We aimed to evaluate the functions of long non-coding RNA taurine upregulated gene 1 (lncRNA TUG1) in renal ischemia-reperfusion (I/R) injury and identify the potential mechanisms. Pathological changes of renal tissues were examined using H&E staining after mimic renal I/R injury in vivo. The contents of serum renal functional parameters and inflammatory factors were measured. The expression of TUG1 and miR-449b-5p in renal tissues and HK-2 cells stimulated by I/R were detected. Then, the effects of TUG1 silencing on inflammation and apoptosis of cells were evaluated. Dual luciferase reporter assays were executed for determining the correlation between miR-449b-5p and TUG1, high mobility group box 1 (HMGB1), or matrix metalloproteinase 2 (MMP2). Subsequently, cells were co-transfected with miR-449b-5p mimic and pcDNA3.1 TUG1. The levels of inflammation, apoptosis, and the expression of HMGB1 and MMP2 were detected. The results revealed that renal tissues were obviously damaged after I/R accompanied by changes in renal functional markers and inflammatory factors. TUG1 was highly expressed whereas miR-449b-5p was lowly expressed. TUG1 silencing reduced the inflammation and apoptosis. Dual luciferase reporter assays confirmed that miR-449b-5p was a target of TUG1 as well as HMGB1 and MMP2 were direct targets of miR-449b-5p. Meanwhile, miR-449b-5p mimic presented the same results with TUG1 silencing, which were reversed after TUG1 overexpression. Moreover, MMP2 and HMGB1 expression was decreased after miR-449b-5p overexpression while that of was increased after TUG1 overexpression. These findings demonstrated that TUG1 silencing attenuates I/R-induced inflammation and apoptosis via targeting miR-449b-5p and regulating HMGB1 and MMP2 expression.
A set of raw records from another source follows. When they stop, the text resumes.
Lemma zero_one_setI A B : measurable A -> measurable B ->
  p (A `&` B) = 1 <-> p A = 1 /\ p B = 1.
Proof.
move=> mA mB; rewrite -[A `&` B]setCK setCI.
rewrite zero_one_setC; last by apply: measurableU; exact: measurableC.
rewrite zero_one_setU ?zero_one_setC //; try exact: measurableC.
by split=> [/not_orP [] /contrapT ? /contrapT ?|[? ?] []].
Qed.

End zero_one_valued.

Section diracP.
Context (R : realType) d (X : measurableType d).
Local Notation delta := (@diracP R d X).

Lemma diracPE x A : delta x A = (x \in A)%:R%:E.
Proof. by rewrite /diracP /= diracE. Qed.

Lemma diracP_eq1 x A : delta x A = 1 <-> A x.
Proof.
rewrite diracPE; case: (boolP (x \in A)); rewrite ?(in_setE, notin_setE) //.
by move=> nAx; split=> [/ereal0_neq1|/nAx].
Qed.

Lemma meas_eq_diracP x y :
  meas_eq (delta x) (delta y) <-> forall A, measurable A -> (A x <-> A y).
Proof.
split=> xy A mA; first by rewrite -!diracP_eq1 xy.
rewrite !diracPE; congr ((nat_of_bool _)%:R%:E).
by apply/idP/idP; rewrite !in_setE => /(xy A mA).
Qed.

Lemma diracP_zero_one x : zero_one_valued (delta x : probability X R).
Proof. by move=> A _; rewrite diracPE; case: (x \in A); [right|left]. Qed.

Lemma preimage_diracP_mset (U : set X) (r : R) : (r <= 1)%R ->
  delta @^-1` mset U r = if (0 < r)%R then ~` U else set0.
Proof.
move=> r1; apply/seteqP; split => x; rewrite /mset /= diracPE lte_fin;
  case: ifPn => r0; case: (boolP (x \in U)); rewrite ?(in_setE, notin_setE) //=.
1,2: by rewrite ltNge r1.
by move=> _; exact/negP.
Qed.

Lemma preimage_diracP (p : probability X R) : zero_one_valued p ->
  forall A : set (pprobability X R), measurable A ->
  measurable (delta @^-1` A) /\ (p (delta @^-1` A) = 1 <-> A p).
Proof.
move=> p01; apply: smallest_sub; first split.
- rewrite preimage_set0 measure0; split=> //; split=> // /ereal0_neq1 [].
- move=> A [mA pA]; rewrite setTD preimage_setC; split; first exact: measurableC.
  by rewrite zero_one_setC // pA.
- move=> F mF; rewrite preimage_bigcup.
  have mdF n : measurable (delta @^-1` F n) by case: (mF n).
  split; first exact: bigcupT_measurable.
  rewrite zero_one_bigcup //.
  by split=> [[n /(proj2 (mF n)) Fn]|[n _ /(proj2 (mF n)) Fn]]; exists n.
move=> _ [r r01 [U mU <-]]; move: r01; rewrite /= in_itv /= => /andP[r0 r1].
rewrite preimage_diracP_mset // /mset /=; case: ifPn => r0'.
- split; first exact: measurableC.
  rewrite zero_one_setC //; case: (p01 _ mU) => ->; rewrite lte_fin.
  + by rewrite r0'; split=> // _ /ereal0_neq1.
  + by rewrite ltNge r1; split.
- rewrite measure0; split=> //; split=> [/ereal0_neq1 //|].
  have -> : r = 0%R by apply/eqP; rewrite eq_le r0 andbT leNgt.
  by rewrite ltNge measure_ge0.
Qed.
我们旨在评估长链非编码 RNA 牛磺酸上调基因 1 (lncRNA TUG1) 在肾缺血再灌注 (I/R) 损伤中的功能，并确定其潜在机制。体内模拟肾 I/R 损伤后使用 H&E 染色检查肾组织的病理变化. 测定血清肾功能参数和炎症因子的含量。检测 I/R 刺激后肾组织和 HK-2 细胞中 TUG1 和 miR-449b-5p 的表达。然后，评估了 TUG1 沉默对细胞炎症和凋亡的影响。执行双荧光素酶报告基因测定以确定 miR-449b-5p 和 TUG1、高迁移率组框 1 (HMGB1) 或基质金属蛋白酶 2 (MMP2) 之间的相关性。随后，用 miR-449b-5p 模拟物和 pcDNA3.1 TUG1 共转染细胞。检测炎症、细胞凋亡水平以及HMGB1和MMP2的表达。结果显示，I/R后肾组织明显受损，伴有肾功能标志物和炎症因子的变化。TUG1 高表达，而 miR-449b-5p 低表达。TUG1 沉默减少了炎症和细胞凋亡。双荧光素酶报告基因检测证实 miR-449b-5p 是 TUG1 的靶标，HMGB1 和 MMP2 是 miR-449b-5p 的直接靶标。同时，miR-449b-5p 模拟与 TUG1 沉默呈现相同的结果，在 TUG1 过表达后逆转。此外，miR-449b-5p 过表达后 MMP2 和 HMGB1 的表达降低，而 TUG1 过表达后 MMP2 和 HMGB1 的表达增加。这些发现表明，TUG1 沉默减弱了 I/R 诱导的炎症和细胞凋亡 在 TUG1 过表达后被逆转。此外，miR-449b-5p 过表达后 MMP2 和 HMGB1 的表达降低，而 TUG1 过表达后 MMP2 和 HMGB1 的表达增加。这些发现表明，TUG1 沉默减弱了 I/R 诱导的炎症和细胞凋亡 在 TUG1 过表达后被逆转。此外，miR-449b-5p 过表达后 MMP2 和 HMGB1 的表达降低，而 TUG1 过表达后 MMP2 和 HMGB1 的表达增加。这些发现表明，TUG1 沉默减弱了 I/R 诱导的炎症和细胞凋亡通过靶向 miR-449b-5p 并调节 HMGB1 和 MMP2 的表达。